*ASSIGNMENT*. Your answer should be the lines below from the one holding "have [psi psi_inc" through the one holding "have Nf k : (N <= iter k f N)%N.", copied exactly and with nothing else.
(DATA UNDER STUDY begins)
(* Only finitely many values of [b] are minimal in its range, and each of them
   occurs at some index; any later term lies above one of them. *)
Lemma artinian_narrow_le_pair X b : artinian_set le X -> narrow_set le X ->
  (forall n, X (b n)) -> exists i j, (i < j)%N /\ le (b i) (b j).
Proof.
move=> artX narX Xb; have rangeX : range b `<=` X by move=> _ [n _ <-].
have artV : artinian_set le (range b).
  by move=> [a Ha]; apply: artX; exists a => n; have [/rangeX] := Ha n.
have narV : narrow_set le (range b).
  by move=> Y YV; apply: narX; apply: subset_trans YV rangeX.
have idx m : exists n, minimal_in (range b) m -> b n = m.
  by have [[[n _ <-] _]|] := pselect (minimal_in (range b) m); [exists n|exists 0%N].
have [g Hg] := choice idx.
have [N HN] := finite_nat_ubound (finite_image g (narrow_minimal narV)).
have [m [mm mbN]] := artinian_minimal_below artV (imageT b N).
by exists (g m), N; split; [apply: HN; exists m|rewrite Hg].
Qed.

Lemma artinian_narrow_pwo X : artinian_set le X -> narrow_set le X -> pwo_set X.
Proof.
move=> artX narX a Xa.
pose terminal i := forall j, (i < j)%N -> ~ le (a i) (a j).
have [cof|/existsNP[N HN]] := pselect (forall N, exists i, (N <= i)%N /\ terminal i).
  have [psi psi_inc Tpsi] := cofinal_subseq cof.
  have [k [l [kl le_kl]]] := artinian_narrow_le_pair artX narX (fun k => Xa (psi k)).
  by case: (Tpsi k (psi l) (psi_inc _ _ kl)).
have next i : exists j, (N <= i)%N -> (i < j)%N /\ le (a i) (a j).
  have [Ni|] := boolP (N <= i)%N; last by exists i.
  have /existsNP[j /not_implyP[ij /contrapT ?]] : ~ terminal i.
    by move=> Ti; apply: HN; exists i.
  by exists j.
have [f Hf] := choice next.
have Nf k : (N <= iter k f N)%N.
  by elim: k => //= k IH; apply: leq_trans IH (ltnW (Hf _ IH).1).
exists (fun k => iter k f N).
  by apply: homo_ltn => [y x z|k]; [exact: ltn_trans|case: (Hf _ (Nf k))].
by apply: homo_leq => [//|y x z|k]; [exact: le_trans|case: (Hf _ (Nf k))].
Qed.

Lemma pwo_artinian X : pwo_set X -> artinian_set le X.
Proof.
move=> pwoX [a Ha]; have [phi phi_inc phi_le] := pwoX a (fun n => (Ha n).1).
have a_dec : {homo a : m n / (m < n)%N >-> strict_of le n m}.
  by apply: homo_ltn => [y x z xy yz|n]; [exact: lt_trans yz xy|exact: (Ha n).2].
have [le10 ne] := a_dec _ _ (phi_inc 0%N 1%N isT).
by apply: ne; apply: le_anti le10 (phi_le 0%N 1%N isT).
Qed.

Lemma pwo_narrow X : pwo_set X -> narrow_set le X.
Proof.
move=> pwoX Y YX antiY; apply: contrapT => /infinite_set_injseq[e Ye e_inj].
have [phi phi_inc phi_le] := pwoX e (fun n => YX _ (Ye n)).
have ne : e (phi 0%N) <> e (phi 1%N).
  by move=> /e_inj e01; move: (phi_inc 0%N 1%N isT); rewrite e01 ltnn.
by case: (antiY _ _ (Ye _) (Ye _) ne) => + _; apply; apply: phi_le.
Qed.

Lemma pwo_subset X Y : X `<=` Y -> pwo_set Y -> pwo_set X.
Proof. by move=> XY pwoY a Xa; apply: pwoY => n; apply: XY. Qed.

Lemma pwo_set1 x : pwo_set [set x].
Proof. by move=> a Ha; exists id => // m n _ /=; rewrite (Ha m) (Ha n). Qed.
Lemma compact_of_agree : (forall i, is_open dist (U i)) -> (forall x, exists i, U i x) ->
  exists l : list I, forall x, exists i, In i l /\ U i x.
Proof.
  intros Hopen Hcover. apply NNPP; intro Hno.
  assert (Hall : ~ covered (fun _ => True)).
  { intros [l Hl]. apply Hno. exists l. intro x. apply Hl; auto. }
  destruct (uncovered_nonempty _ Hall) as [y0 _].
  assert (H0 : ~ covered (agree 0 y0)).
  { intros [l Hl]. apply Hall. exists l. intros x _. apply Hl; auto. }
  pose proof (descent_spec y0 H0) as Hd.
  destruct (coherent_limits (descent y0)) as [x Hx]; [intro n; apply Hd|].
  destruct (Hcover x) as [i Hi]. destruct (open_cylinder (U i) x (Hopen i) Hi) as [n Hn].
  apply (proj1 (Hd n)). exists (i :: nil). intros y Hy. exists i; split; [left; auto|].
  apply Hn. apply agree_trans with (descent y0 n); auto.
Qed.

End Compactness.

End GradedAgreement.

Section IntegerIterates.

Variables (X : Type) (f g : X -> X).
Hypothesis f_g : forall x, f (g x) = x.

Lemma iterZ_succ k x : iterZ f g (k + 1) x = f (iterZ f g k x).
Proof.
  unfold iterZ. destruct (0 <=? k)%Z eqn:Hk.
  - apply Z.leb_le in Hk. replace (0 <=? k + 1)%Z with true by (symmetry; apply Z.leb_le; lia).
    rewrite Z2Nat.inj_add, Nat.add_comm by lia. reflexivity.
  - apply Z.leb_gt in Hk. replace (Z.to_nat (- k)) with (S (Z.to_nat (- (k + 1)))) by lia.
    simpl. rewrite f_g. destruct (0 <=? k + 1)%Z eqn:Hk1; [|reflexivity].
    apply Z.leb_le in Hk1. replace (k + 1)%Z with 0%Z by lia. reflexivity.
Qed.

Lemma iterZ_of_nat (n : nat) x : iterZ f g (Z.of_nat n) x = Defs.iter n f x.
Proof.
  unfold iterZ. rewrite Nat2Z.id.
  replace (0 <=? Z.of_nat n)%Z with true by (symmetry; apply Z.leb_le; lia). reflexivity.
Qed.

End IntegerIterates.

Lemma Z_succ_ind (Q : Z -> Prop) :
  Q 0%Z -> (forall k, Q k -> Q (k + 1)%Z) -> (forall k, Q (k + 1)%Z -> Q k) -> forall k, Q k.
Proof.
  intros H0 Hup Hdown. apply Z.peano_ind; auto.
  intros k Hk. apply Hdown. now replace (Z.pred k + 1)%Z with k by lia.
Qed.

Open Scope Z_scope.
Open Scope bool_scope.

Lemma bounded_on_lt (n : nat) (h : nat -> Z) : exists B, forall m, (m < n)%nat -> h m <= B.
Proof.
  induction n as [|n [B HB]]; [exists 0; intros; lia|].
  exists (Z.max B (h n)). intros m Hm. destruct (Nat.eq_dec m n) as [->|]; [lia|].
  specialize (HB m ltac:(lia)). lia.
Qed.

Definition modulus (m : nat) : Z := Z.of_nat m + 1.

Lemma modulus_pos m : 0 < modulus m.
Proof. unfold modulus; lia. Qed.

Lemma modulus_neq0 m : modulus m <> 0.
Proof. unfold modulus; lia. Qed.

Lemma mod_modulus_range (a : Z) m : 0 <= a mod modulus m < modulus m.
Proof. apply Z.mod_pos_bound, modulus_pos. Qed.


Record point := mkpoint {
  label : nat -> Z;
  bits : nat -> Z -> bool;
  label_range : forall m, 0 <= label m < modulus m }.

Lemma point_ext x y :
  (forall m, label x m = label y m) -> (forall m j, bits x m j = bits y m j) -> x = y.
Proof.
  destruct x as [l1 b1 r1], y as [l2 b2 r2]; simpl; intros Hl Hb.
  assert (l1 = l2) as <- by (apply functional_extensionality; auto).
  assert (b1 = b2) as <-.
  { apply functional_extensionality; intro m; apply functional_extensionality; auto. }
  f_equal. apply proof_irrelevance.
Qed.

Definition T (x : point) : point :=
  mkpoint (fun m => (label x m + 1 + Z.b2z (bits x m 0)) mod modulus m)
          (fun m j => bits x m (j + 1))
          (fun m => mod_modulus_range _ m).

Definition Tinv (x : point) : point :=
  mkpoint (fun m => (label x m - 1 - Z.b2z (bits x m (-1))) mod modulus m)
          (fun m j => bits x m (j - 1))
          (fun m => mod_modulus_range _ m).

Lemma label_mod x m : label x m mod modulus m = label x m.
Proof. apply Z.mod_small, label_range. Qed.

Lemma Tinv_T x : Tinv (T x) = x.
Proof.
  apply point_ext; simpl.
  - intro m. replace (-1 + 1) with 0 by lia.
    replace (_ mod modulus m - 1 - _) with
      ((label x m + 1 + Z.b2z (bits x m 0)) mod modulus m - (1 + Z.b2z (bits x m 0))) by ring.
    rewrite Zminus_mod_idemp_l.
    replace (label x m + 1 + Z.b2z (bits x m 0) - (1 + Z.b2z (bits x m 0))) with (label x m)
      by ring.
    apply label_mod.
  - intros m j. f_equal; lia.
Qed.

Lemma T_Tinv x : T (Tinv x) = x.
Proof.
  apply point_ext; simpl.
  - intro m. replace (0 - 1) with (-1) by lia.
    rewrite <- Z.add_assoc, Z.add_mod_idemp_l by apply modulus_neq0.
    replace (label x m - 1 - Z.b2z (bits x m (-1)) + (1 + Z.b2z (bits x m (-1))))
      with (label x m) by ring.
    apply label_mod.
  - intros m j. f_equal; lia.
Qed.

Definition agree (n : nat) (x y : point) : Prop :=
  (forall m, (m < n)%nat -> label x m = label y m) /\
  (forall m j, (m < n)%nat -> Z.abs j < Z.of_nat n -> bits x m j = bits y m j).

Lemma agree_0 x y : agree 0 x y.
Proof. split; intros; lia. Qed.

Lemma agree_refl n x : agree n x x.
Proof. split; auto. Qed.

Lemma agree_sym n x y : agree n x y -> agree n y x.
Proof. intros [Hl Hb]; split; intros; symmetry; auto. Qed.

Lemma agree_trans n x y z : agree n x y -> agree n y z -> agree n x z.
Proof. intros [Hl1 Hb1] [Hl2 Hb2]; split; intros; [rewrite Hl1 | rewrite Hb1]; auto. Qed.

Lemma agree_pred n x y : agree (S n) x y -> agree n x y.
Proof. intros [Hl Hb]; split; intros; [apply Hl | apply Hb]; lia. Qed.

Lemma agree_separates x y : (forall n, agree n x y) -> x = y.
Proof.
  intro H. apply point_ext.
  - intro m. apply (H (S m)); lia.
  - intros m j. apply (H (S (Nat.max m (Z.to_nat (Z.abs j))))); lia.
Qed.

Lemma agree_le n n' x y : (n' <= n)%nat -> agree n x y -> agree n' x y.
Proof. exact (agree_mono _ _ agree_pred n n' x y). Qed.

Definition pdist : point -> point -> R := dist point agree.

Lemma pdist_is_metric : is_metric pdist.
Proof.
  exact (dist_is_metric _ _ agree_0 agree_refl agree_sym agree_trans agree_pred
           agree_separates).
Qed.

Lemma T_agree n x y : agree (S n) x y -> agree n (T x) (T y).
Proof.
  intros [Hl Hb]; split; simpl.
  - intros m Hm. rewrite Hl, Hb by lia. reflexivity.
  - intros m j Hm Hj. apply Hb; lia.
Qed.

Lemma Tinv_agree n x y : agree (S n) x y -> agree n (Tinv x) (Tinv y).
Proof.
  intros [Hl Hb]; split; simpl.
  - intros m Hm. rewrite Hl, Hb by lia. reflexivity.
  - intros m j Hm Hj. apply Hb; lia.
Qed.

Lemma T_homeomorphism : homeomorphism pdist T Tinv.
Proof.
  split; [|split; [|split]].
  - exact (continuous_of_agree _ _ agree_0 agree_pred T T_agree).
  - exact (continuous_of_agree _ _ agree_0 agree_pred Tinv Tinv_agree).
  - apply Tinv_T.
  - apply T_Tinv.
Qed.

Definition window (n : nat) : list Z := map (fun i => Z.of_nat i - Z.of_nat n) (seq 0 (2 * n)).

Definition coordinates (n : nat) : list ((point -> Z) * list Z) :=
  map (fun m => (fun x => label x m, map Z.of_nat (seq 0 (S m)))) (seq 0 n) ++
  flat_map (fun m => map (fun j => (fun x => Z.b2z (bits x m j), 0 :: 1 :: nil)) (window n))
           (seq 0 n).
(* Let $\mathcal{D}$ be a finite set and $n\ge4$, $m\ge0$ integers. The share of $n$-ary relations $R$ on $\mathcal{D}$ with $\mathrm{ter}(R)\le m$ among all $2^{|\mathcal{D}|^n}$ $n$-ary relations on $\mathcal{D}$ is $<1$ when $|\mathcal{D}|>\binom{\frac{3m+n}{2}}{n-1}$, and tends to $0$ as $|\mathcal{D}|\to\infty$. In particular, there exist $n$-ary relations of arbitrarily high ternarity.
   Context: An $n$-ary relation is $R\subseteq\mathcal{D}^\Sigma$ with $|\Sigma|=n$; $\pi_\Gamma$ restricts tuples to $\Gamma$; the join of $R_i\subseteq\mathcal{D}^{\Lambda_i}$ is $\{a\in\mathcal{D}^{\cup\Lambda_i}:a|_{\Lambda_i}\in R_i\ \forall i\}$. Bonds: relations $R_i\subseteq\mathcal{D}^{\Lambda_i}$ are bondable if no attribute lies in three or more $\Lambda_i$; their bond is $\pi_\Gamma[R_1\Join\dots\Join R_m]$ where $\Gamma$ is the set of attributes lying in exactly one $\Lambda_i$. A bond is subternaric if all factors have arity $\le3$. The ternarity $\mathrm{ter}(R)$ is the minimal number of factors of arity $3$ over all representations of $R$ as a subternaric bond, and $\infty$ if none exists. *)

From HB Require Import structures.
From mathcomp Require Import all_boot all_order all_algebra.
From mathcomp Require Import boolp.
From Stdlib Require List.
Set Implicit Arguments. Unset Strict Implicit. Unset Printing Implicit Defensive.
Import Order.TTheory GRing.Theory Num.Theory.
(* Let ${\bf a}=(a_1,\ldots,a_r)$ be a tuple of positive integers with $r\geq 2$. Then \[\deg({\bf B}:\mathcal W_{\bf a}\to\mathcal W_{\bf a})=\prod_{j=1}^{r-1}\left(\frac{2a_j}{a_{j+1}+a_{j+2}+\cdots+a_r+1}+1\right).\]
   Context: For finite sets $X,Y$ and $f:X\to Y$, $\deg(f)=\frac{1}{|X|}\sum_{y\in Y}|f^{-1}(y)|^2$. $\mathcal W_{\bf a}$ is the set of all words over the alphabet $\{1,\dots,r\}$ containing exactly $a_i$ copies of the letter $i$ for each $i$. For a word $w=w_1\cdots w_\ell$ and $i\in\{1,\dots,\ell-1\}$, $t_i(w)$ is obtained by swapping $w_i$ and $w_{i+1}$ if $w_i>w_{i+1}$, and $t_i(w)=w$ if $w_i\leq w_{i+1}$. Bubble sort is ${\bf B}(w)=t_{\ell-1}\circ t_{\ell-2}\circ\cdots\circ t_1(w)$, viewed as a map $\mathcal W_{\bf a}\to\mathcal W_{\bf a}$. *)

From mathcomp Require Import all_boot all_order all_algebra.
Set Implicit Arguments. Unset Strict Implicit. Unset Printing Implicit Defensive.
Import Order.TTheory GRing.Theory Num.Theory.

(* Words over the alphabet {1,...,r} are represented as sequences of letters
   of type 'I_r, letter (k : 'I_r) standing for k+1 (order preserved). *)

Definition fdeg (T : finType) (X Y : {set T}) (f : T -> T) : rat :=
  ((#|X|%:R)^-1 * \sum_(y in Y) (#|[set x in X | f x == y]|%:R) ^+ 2)%R.

(* t_i, 1-indexed position i: swap w_i and w_{i+1} if w_i > w_{i+1}. *)
Definition tswap (A : eqType) (le : A -> A -> bool) (x0 : A) (i : nat) (w : seq A) : seq A :=
  let a := nth x0 w i.-1 in let b := nth x0 w i in
  if (i.-1 < size w) && (i < size w) && ~~ le a b
  then set_nth x0 (set_nth x0 w i.-1 b) i a else w.

Definition bubble (A : eqType) (le : A -> A -> bool) (x0 : A) (w : seq A) : seq A :=
  foldl (fun u i => tswap le x0 i u) w (iota 1 (size w).-1).


(* W_a : words of length a_1+...+a_r with exactly a_i copies of letter i.
   a is given as a sequence of size r (a`_k = a_{k+1}). *)
Definition Wa (r : nat) (a : seq nat) : {set (sumn a).-tuple 'I_r} :=
  [set w : (sumn a).-tuple 'I_r | [forall k : 'I_r, count_mem k w == nth 0 a k]].

Lemma size_bubble (A : eqType) le (x0 : A) w : size (bubble le x0 w) = size w.
Proof.
rewrite /bubble; move: (iota _ _) => s0; elim: s0 w => //= i s IH w; rewrite IH /tswap.
case: ifP => // /andP[/andP[h1 h2] _]; rewrite !size_set_nth.
by rewrite (maxn_idPr h1) (maxn_idPr h2).
Qed.

Lemma bubbleT_proof (r n : nat) (w : n.-tuple 'I_r.+1) :
  size (bubble (fun x y : 'I_r.+1 => (x <= y)%N) ord0 w) == n.
Proof. by rewrite size_bubble size_tuple. Qed.

Definition bubbleT (r n : nat) (w : n.-tuple 'I_r) : n.-tuple 'I_r :=
  match r return n.-tuple 'I_r -> n.-tuple 'I_r with
  | 0 => fun w => w
  | r'.+1 => fun w => @Tuple n _ (bubble (fun x y : 'I_r'.+1 => (x <= y)%N) ord0 w)
                (bubbleT_proof w)
  end w.

(* Split a word into the 0/1 mask of the positions of its smallest letter and
   the subword of its other letters.  One pass of bubble sort acts on the two
   parts independently: on the subword it is again one pass, and on the mask it
   moves the first position not holding the smallest letter to the end.  Hence
   the number of ordered pairs of words with equal images, which is
   |W_a| deg(B), factors over the letters.  For a letter with multiplicity k
   followed by N > 0 larger letters, the mask fibre over [rcons d false] has
   (number of leading [true]s of d) + 1 elements, and the sum of the squares
   of these fibre sizes is C(k+N, k) (2k/(N+1) + 1), where C(k+N, k) is the
   number of masks. *)

From mathcomp Require Import all_boot all_order all_algebra.
From mathcomp Require Import zify ring.
Import GRing.Theory Num.Theory.
Set Implicit Arguments. Unset Strict Implicit. Unset Printing Implicit Defensive.

Section BubblePass.
Variables (A : eqType) (le : A -> A -> bool).

Fixpoint bubble_from (c : A) (s : seq A) : seq A :=
  if s is y :: s' then
    if le c y then c :: bubble_from y s' else y :: bubble_from c s'
  else [:: c].

Definition bubble_pass (s : seq A) : seq A :=
  if s is c :: s' then bubble_from c s' else [::].

Lemma tswap_cons x0 i z u :
  (0 < i)%N -> tswap le x0 i.+1 (z :: u) = z :: tswap le x0 i u.
Proof. by case: i => // i _; rewrite /tswap /=; case: ifP. Qed.

Lemma foldl_tswap_cons x0 n i z u : (0 < i)%N ->
  foldl (fun w j => tswap le x0 j w) (z :: u) (iota i.+1 n) =
  z :: foldl (fun w j => tswap le x0 j w) u (iota i n).
Proof. by elim: n i z u => //= n IH i z u i_gt0; rewrite tswap_cons // IH. Qed.

Lemma bubbleE x0 s : bubble le x0 s = bubble_pass s.
Proof.
case: s => //= c s; rewrite /bubble /=.
elim: s c => //= y s IH c.
have -> : tswap le x0 1 [:: c, y & s] = if le c y then [:: c, y & s] else [:: y, c & s].
  by rewrite /tswap /=; case: (le c y).
by case: (le c y); rewrite foldl_tswap_cons // IH.
Qed.

Lemma perm_bubble_from c s : perm_eq (bubble_from c s) (c :: s).
Proof.
elim: s c => //= y s IH c; case: ifP => _; first by rewrite perm_cons.
by rewrite perm_sym (perm_catCA [:: c] [:: y]) /= perm_cons perm_sym.
Qed.

Lemma perm_bubble_pass s : perm_eq (bubble_pass s) s.
Proof. by case: s => //= c s; apply: perm_bubble_from. Qed.

Lemma bubble_from_min c s : le c (head c s) -> bubble_from c s = c :: bubble_pass s.
Proof. by case: s => //= y s ->. Qed.

End BubblePass.

Lemma map_bubble_pass (A B : eqType) (le : A -> A -> bool) (le' : B -> B -> bool)
    (f : A -> B) :
  (forall x y, le' (f x) (f y) = le x y) ->
  forall s, map f (bubble_pass le s) = bubble_pass le' (map f s).
Proof.
move=> f_mono [|c s] //=.
by elim: s c => //= y s IH c; rewrite f_mono; case: ifP => _ /=; rewrite IH.
Qed.

Definition collisions (T : Type) (U : eqType) (f : T -> U) (s : seq T) : nat :=
  \sum_(x <- s) \sum_(x' <- s) (f x == f x' : nat).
(DATA UNDER STUDY ends)
*SOLVED EXERCISE*.
  have [psi psi_inc Tpsi] := cofinal_subseq cof.
  have [k [l [kl le_kl]]] := artinian_narrow_le_pair artX narX (fun k => Xa (psi k)).
  by case: (Tpsi k (psi l) (psi_inc _ _ kl)).
have next i : exists j, (N <= i)%N -> (i < j)%N /\ le (a i) (a j).
  have [Ni|] := boolP (N <= i)%N; last by exists i.
  have /existsNP[j /not_implyP[ij /contrapT ?]] : ~ terminal i.
    by move=> Ti; apply: HN; exists i.
  by exists j.
have [f Hf] := choice next.
have Nf k : (N <= iter k f N)%N.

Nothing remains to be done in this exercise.